The safety line was also good because it helped me from feeling completely freaked out. It took a while to get comfortable with the other person lowering you off, I think for both of us. But once confident in our safety, it was fantastic to be out on a cliff I'd looked at in astonishment previously.

 High Dive (E3, Masquerade Buttress)




After a long session on High Dive, we walked around to what seems to be the Right Hand Amphitheatre. I don't have a guidebook so I'm not completely sure, only going by what UKClimbing says. The path around the loch starts out good then degenerates until I was trying to walk through brambles in shorts - ouch! Our anchor was the fence some 4-5 metres from the cliff edge and again, we lowered each other over the edge.

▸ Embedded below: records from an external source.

(* Let $n$ be an even integer, $w\le n$, $i,t\le n/2$ and $s\le t$ nonnegative integers. Let ${\mathbf{a}},{\mathbf{b}},{\mathbf{c}},{\mathbf{d}}\in\mathbb{F}_3^{n/2}$ with $a_id_i-b_ic_i=1$ and $a_ic_i\neq0$ for all $i$. Let $\widetilde{{\mathbf{e}}}=({\mathbf{e}}_1,{\mathbf{e}}_2)$ be uniformly distributed over the vectors of $\mathbb{F}_3^n$ of Hamming weight $w$ (with ${\mathbf{e}}_1,{\mathbf{e}}_2\in\mathbb{F}_3^{n/2}$), and $\widetilde{{\mathbf{e}}}_V=-{\mathbf{c}}\odot{\mathbf{e}}_1+{\mathbf{a}}\odot{\mathbf{e}}_2$. Let $\widetilde q_1(i)=\mathbb{P}(|\widetilde{{\mathbf{e}}}_V|=i)$ and $\widetilde q_2(s,t)=\mathbb{P}(m_1(\widetilde{{\mathbf{e}}})=s\mid|\widetilde{{\mathbf{e}}}_V|=t)$. Then $$\widetilde q_1(i)=\frac{\binom{n/2}{i}}{\binom{n}{w}2^{w/2}}\sum_{\substack{p=0\\ w+p\equiv0\bmod 2}}^{i}\binom{i}{p}\binom{n/2-i}{(w+p)/2-i}2^{3p/2},$$ and $$\widetilde q_2(s,t)=\begin{cases}\dfrac{\binom{t}{s}\binom{n/2-t}{\frac{w+s}{2}-t}2^{3s/2}}{\sum_{p\equiv w \bmod 2}\binom{t}{p}\binom{n/2-t}{\frac{w+p}{2}-t}2^{3p/2}} & \text{if } w+s\equiv 0\bmod 2,\\ 0&\text{otherwise.}\end{cases}$$
   Context: $|{\mathbf{x}}|$ is the Hamming weight; $\odot$ the componentwise product; for ${\mathbf{x}}\in\mathbb{F}_3^n$, $m_1({\mathbf{x}})=|\{1\le i\le n/2: |(x_i,x_{i+n/2})|=1\}|$. Binomial coefficients $\binom{m}{j}$ with $j<0$ or $j>m$ are $0$; $p$ ranges over nonnegative integers with $p\le t$. *)

From HB Require Import structures.
From mathcomp Require Import all_boot all_order all_algebra.
Set Implicit Arguments. Unset Strict Implicit. Unset Printing Implicit Defensive.
Import Order.TTheory GRing.Theory Num.Theory.
Local Open Scope ring_scope.

(* Vectors of F_3^m are row vectors 'rV['F_3]_m; F_3^n with n = h + h is split
   as e = (e1, e2) with e1 = lsubmx e, e2 = rsubmx e. *)

Definition hwt (m : nat) (x : 'rV['F_3]_m) : nat := #|[set j : 'I_m | x 0 j != 0]|.

Definition cwmul (m : nat) (x y : 'rV['F_3]_m) : 'rV['F_3]_m := \row_j (x 0 j * y 0 j).

Definition m1 (h : nat) (x : 'rV['F_3]_(h + h)) : nat :=
  #|[set j : 'I_h | (((x ord0 (lshift h j) != 0%R) + (x ord0 (rshift h j) != 0%R))%N == 1%N)]|.

Definition eV (h : nat) (a c : 'rV['F_3]_h) (e : 'rV['F_3]_(h + h)) : 'rV['F_3]_h :=
  - cwmul c (lsubmx e) + cwmul a (rsubmx e).

Definition wsupport (h w : nat) : {set 'rV['F_3]_(h + h)} :=
  [set e | hwt e == w].

Definition uprob (R : fieldType) (h w : nat) (A : pred 'rV['F_3]_(h + h)) : R :=
  #|[set e in wsupport h w | A e]|%:R / #|wsupport h w|%:R.

Definition ucprob (R : fieldType) (h w : nat) (A B : pred 'rV['F_3]_(h + h)) : R :=
  @uprob R h w (fun e => A e && B e) / @uprob R h w B.

Definition binz (m : nat) (j : int) : nat :=
  if (j < 0)%R then 0%N else 'C(m, `|j|%N).

Definition q1 (R : fieldType) (h w : nat) (a c : 'rV['F_3]_h) (i : nat) : R :=
  @uprob R h w (fun e => hwt (eV a c e) == i).

Definition q2 (R : fieldType) (h w : nat) (a c : 'rV['F_3]_h) (s t : nat) : R :=
  @ucprob R h w (fun e => m1 e == s) (fun e => hwt (eV a c e) == t).

From HB Require Import structures.
From mathcomp Require Import all_boot all_order all_algebra.
From mathcomp Require Import zify ring.
Import Order.TTheory GRing.Theory Num.Theory.
Local Open Scope ring_scope.

(* Pair coordinate j of e with coordinate j + n/2.  As a_j c_j <> 0, the map
   (x1, x2) |-> -c_j x1 + a_j x2 is onto F_3 with a line as kernel, so the nine
   pairs split into (0, 0), four pairs of weight 1 (all off the kernel), two
   pairs of weight 2 off the kernel and two of weight 2 in it.  Hence e is
   described by its profile: the support A of e_V, the set P <= A of weight-1
   pairs and the set K, disjoint from A, of weight-2 pairs in the kernel, plus
   one of 4^|P| 2^|A\P| 2^|K| choices of pair values.  When |e_V| = i and
   m_1(e) = s, the weight equation s + 2(i - s) + 2|K| = w forces
   |K| = (w + s)/2 - i, which gives C(n/2, i) C(i, s) C(n/2 - i, (w + s)/2 - i)
   2^((w + 3s)/2) vectors; dividing by the C(n, w) 2^w vectors of weight w yields
   both formulas. *)

Lemma sum_mem_card (T : finType) (A : {set T}) : (\sum_x (x \in A : nat))%N = #|A|.
Proof. by rewrite -sum1_card [RHS]big_mkcond. Qed.

Lemma card_set_partition {X U : finType} (phi : X -> U) (Q : pred U) :
  #|[set x | Q (phi x)]| = (\sum_(u | Q u) #|[set x | phi x == u]|)%N.
Proof.
rewrite -sum1dep_card (partition_big phi Q) //=.
apply: eq_bigr => u Qu; rewrite -sum1dep_card; apply: eq_bigl => x.
by case: eqP => [->|]; rewrite ?Qu ?andbF.
Qed.

Lemma card_partition_nat {T : finType} (A : {set T}) (g : T -> nat) n :
  {in A, forall x, g x < n}%N ->
  #|A| = (\sum_(0 <= p < n) #|[set x in A | g x == p]|)%N.
Proof.
move=> lt_gn; rewrite -sum1_card; symmetry.
transitivity (\sum_(0 <= p < n) \sum_(x in A) (g x == p : nat))%N.
  apply: eq_bigr => p _; rewrite -sum_mem_card [RHS]big_mkcond.
  by apply: eq_bigr => x _; rewrite !inE; case: (x \in A).
rewrite exchange_big; apply: eq_bigr => x Ax.
rewrite (eq_bigr (fun p => if p == g x then 1 else 0)%N) => [|p _]; last first.
  by rewrite eq_sym; case: eqP.
by rewrite -big_mkcond big_nat1_eq lt_gn.
Qed.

The route we climbed started from the blue 'Stef' graffiti and climbed a crackline vertically upwards to the top. The rock was generally sound although I dislodged one piece. I got that funny moment where a fist sized chunk is balanced in place by your hand and it's got to go. In the end I stabilised then knocked it off the wall on the way up, as a kind of 'accident' just to avoid the embarrassment of a huge clatter! There was none...

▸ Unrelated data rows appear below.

Lemma cluster_points_subgradients n (J : Vec n -> ERp) x a (g : nat -> Vec n)
    (tau : nat -> R) D K :
  J x = Some a -> Un_cv tau 0 ->
  (forall k, (K <= k)%nat -> forall y b, J y = Some b ->
     dot n (g k) (vsub y x) <= b - a + tau k * D) ->
  forall c, cluster_point g c -> subdiff J x c.
Proof.
  intros Hx Htau Hest c Hc. exists a. split; auto. intros y b Hy.
  enough (dot n c (vsub y x) <= b - a) by lra.
  apply Rle_plus_epsilon. intros eps Heps.
  pose proof (vnorm_nonneg n (vsub y x)) as Hd.
  destruct (Htau (eps / (2 * (Rabs D + 1)))) as [K2 HK2].
  { apply Rdiv_lt_0_compat; [lra|]. pose proof (Rabs_pos D); lra. }
  destruct (Hc (eps / (2 * (vnorm (vsub y x) + 1))) ltac:(apply Rdiv_lt_0_compat; lra)
              (max K K2)) as [k [Hk Hgk]].
  specialize (Hest k ltac:(lia) y b Hy).
  specialize (HK2 k ltac:(lia)). unfold R_dist in HK2. rewrite Rminus_0_r in HK2.
  assert (Htail : tau k * D <= eps / 2).
  { pose proof (Rle_abs (tau k * D)). rewrite Rabs_mult in *.
    pose proof (Rabs_pos (tau k)). pose proof (Rabs_pos D).
    apply Rle_trans with (eps / (2 * (Rabs D + 1)) * (Rabs D + 1)); [|right; field; lra].
    nra. }
  assert (Hnear : dot n c (vsub y x) - dot n (g k) (vsub y x) <= eps / 2).
  { rewrite <- dot_sub_l.
    apply Rle_trans with (vnorm (vsub c (g k)) * vnorm (vsub y x)); [apply dot_le_norms|].
    replace (vnorm (vsub c (g k))) with (vnorm (vsub (g k) c)).
    - apply Rle_trans with (eps / (2 * (vnorm (vsub y x) + 1)) * (vnorm (vsub y x) + 1));
        [|right; field; lra].
      pose proof (vnorm_nonneg n (vsub (g k) c)). nra.
    - replace (vsub c (g k)) with (vscale (-1) (vsub (g k) c))
        by (extensionality i; unfold vscale, vsub; ring).
      rewrite vnorm_scale, Rabs_left by lra; ring. }
  lra.
Qed.

Lemma times_eventually_dominated n N (t : nat -> nat -> R) (v : nat -> nat -> Vec n)
    (vinf : nat -> Vec n) (alpha : nat -> R) :
  (0 < N)%nat ->
  (forall j k, (j < N)%nat -> 0 < t j k) ->
  (forall j, (j < N)%nat -> vcv (v j) (vinf j)) ->
  (forall j, (j < N)%nat -> Un_cv (fun k => t j k / t 0%nat k) (alpha j)) ->
  exists rho sigma K, 0 <= sigma /\ forall k, (K <= k)%nat ->
    (forall j, (j < N)%nat -> t j k <= rho * t 0%nat k) /\
    vnorm (vsum N (fun j => vscale (t j k) (v j k))) <= sigma * t 0%nat k.
Proof.
  intros HN Ht Hv Halpha.
  destruct (finite_uniform_bound N (fun j (_ : unit) => Rabs (alpha j) + 1)) as [rho Hrho].
  { intros j _. exists (Rabs (alpha j) + 1). intros; lra. }
  destruct (finite_uniform_bound N (fun j (_ : unit) => vnorm (vinf j) + 1)) as [V HV].
  { intros j _. exists (vnorm (vinf j) + 1). intros; lra. }
  destruct (eventually_forall_finite
              (fun j k => t j k / t 0%nat k <= rho /\ vnorm (v j k) <= V) N) as [K HK].
  { intros j Hj.
    destruct (Un_cv_eventually_le _ _ (Halpha j Hj)) as [K1 HK1].
    destruct (vcv_eventually_bounded n _ _ (Hv j Hj)) as [K2 HK2].
    exists (max K1 K2). intros k Hk. specialize (Hrho j Hj tt). specialize (HV j Hj tt).
    split; [specialize (HK1 k ltac:(lia)) | specialize (HK2 k ltac:(lia))]; lra. }
  assert (Hrho0 : 0 <= rho)
    by (pose proof (Hrho 0%nat HN tt); pose proof (Rabs_pos (alpha 0%nat)); lra).
  assert (HV0 : 0 <= V)
    by (pose proof (HV 0%nat HN tt); pose proof (vnorm_nonneg n (vinf 0%nat)); lra).
  exists rho, (INR N * (rho * V)), K. split.
  { apply Rmult_le_pos; [apply pos_INR | apply Rmult_le_pos; auto]. }
  intros k Hk. pose proof (Ht 0%nat k HN) as Ht0.
  assert (Hratio : forall j, (j < N)%nat -> t j k <= rho * t 0%nat k).
  { intros j Hj. destruct (HK j Hj k Hk) as [Hr _].
    replace (t j k) with (t j k / t 0%nat k * t 0%nat k) by (field; lra).
    apply Rmult_le_compat_r; lra. }
  split; auto.
  eapply Rle_trans; [apply vnorm_vsum|].
  replace (INR N * (rho * V) * t 0%nat k) with (rsum N (fun _ => rho * t 0%nat k * V))
    by (rewrite rsum_const; ring).
  apply rsum_le. intros j Hj. rewrite vnorm_scale, Rabs_right by (apply Rle_ge, Rlt_le, Ht, Hj).
  apply Rmult_le_compat; [apply Rlt_le, Ht, Hj | apply vnorm_nonneg | apply Hratio, Hj |].
  apply (HK j Hj k Hk).
Qed.

Theorem lemma3p4 (n N : nat) (H : nat -> Vec n -> R) (J : Vec n -> ERp)
  (HH : forall j, (j < N)%nat -> convex (H j) /\ one_coercive (H j))
  (Hstrict : exists j, (j < N)%nat /\ strictly_convex (H j))
  (HJ : proper J /\ convex_ext J /\ lsc_ext J)
  (x : Vec n) (t : nat -> nat -> R) (v : nat -> nat -> Vec n)
  (vinf : nat -> Vec n) (alpha : nat -> R)
  (Ht_pos : forall j k, (j < N)%nat -> 0 < t j k)
  (Ht_cv : forall j, (j < N)%nat -> Un_cv (t j) 0)
  (Hv_cv : forall j, (j < N)%nat -> vcv (v j) (vinf j))
  (Halpha : forall j, (j < N)%nat -> Un_cv (fun k => t j k / t 0%nat k) (alpha j))
  (xk : nat -> Vec n)
  (Hxk : forall k, xk k = vadd x (vsum N (fun j => vscale (t j k) (v j k))))
  (Hdom : in_dom J x) (Hsub : exists p, subdiff J x p)
  (g : nat -> Vec n)
  (Hg : forall k, has_gradient (hopf N H J (fun j => t j k)) (xk k) (g k)) :
  vbounded g /\ (forall c, cluster_point g c -> subdiff J x c).
Proof.
  assert (HN : (0 < N)%nat) by (destruct Hstrict as [j [Hj _]]; lia).
  destruct (finite_uniform_bound N (fun j p => - H j p)) as [M HM].
  { intros j Hj. destruct (HH j Hj) as [Hconv Hcoer].
    destruct (convex_coercive_bounded_below n (H j) Hconv Hcoer) as [L HL].
    exists L. intro p. specialize (HL p). lra. }
  assert (HL : forall j, (j < N)%nat -> forall p, - Rabs M <= H j p)
    by (intros j Hj p; specialize (HM j Hj p); pose proof (Rle_abs M); lra).
  destruct Hsub as [p0 [a [Ha Hp0]]].
  destruct (times_eventually_dominated n N t v vinf alpha HN Ht_pos Hv_cv Halpha)
    as [rho [sigma [K [Hsigma Hdom_t]]]].
  destruct (coercive_linear_bound n (H 0%nat) (Rabs M) (sigma + 1)) as [C HC];
    [apply (HH 0%nat HN) | apply (HL 0%nat HN) | lra |].
  set (D := C + Rabs M * (INR N * rho) + vnorm p0 * sigma
            + rho * rsum N (fun j => Rabs (H j p0))).
  assert (Hest : forall k, (K <= k)%nat -> forall y b u, J y = Some b ->
            vnorm u <= t 0%nat k ->
            dot n (g k) (vsub y x) + dot n (g k) u <= b - a + t 0%nat k * D).
  { intros k Hk. destruct (Hdom_t k Hk) as [Hratio Hshift].
    apply (hopf_gradient_estimate n N H J HN (Rabs M) (Rabs_pos M) HL x p0 a Ha Hp0
             rho sigma C HC (fun j => t j k) (vsum N (fun j => vscale (t j k) (v j k))));
      [intros j Hj; split; auto | exact Hshift | rewrite <- Hxk; apply Hg]. }
  split.
  - apply (bounded_of_directional_bound n g (t 0%nat) D K);
      [intros; apply Ht_pos, HN |].
    intros k Hk u Hu. pose proof (Hest k Hk x a u Ha Hu) as Hxu.
    rewrite dot_sub_r in Hxu. lra.
  - apply (cluster_points_subgradients n J x a g (t 0%nat) D K Ha (Ht_cv 0%nat HN)).
    intros k Hk y b Hy. pose proof (Hest k Hk y b vzero Hy) as Hy0.
    rewrite vnorm_zero, dot_zero_r in Hy0. pose proof (Ht_pos 0%nat k HN). lra.
Qed.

A fairly hard route although not desperate, I'd imagine it in the Severe-HVS range. Dink had gone first and rated it highly, as well as being long. It's pretty good if you don't count the massive spider in the crack right where you want to put your hands, though a bit chossy - not bad though. These walls are worth a revisit, even if the so called quick way down was through ferns taller than us with signs warning of cliff edges.


 Right Hand Amphitheatre

 

We headed to Craigmore next, via. Lennoxtown to get some grub, although I don't think we did much and I've no photos (unusual for me). Probably worked on Tom and Jerry Wall or Rampage more, I'd imagine.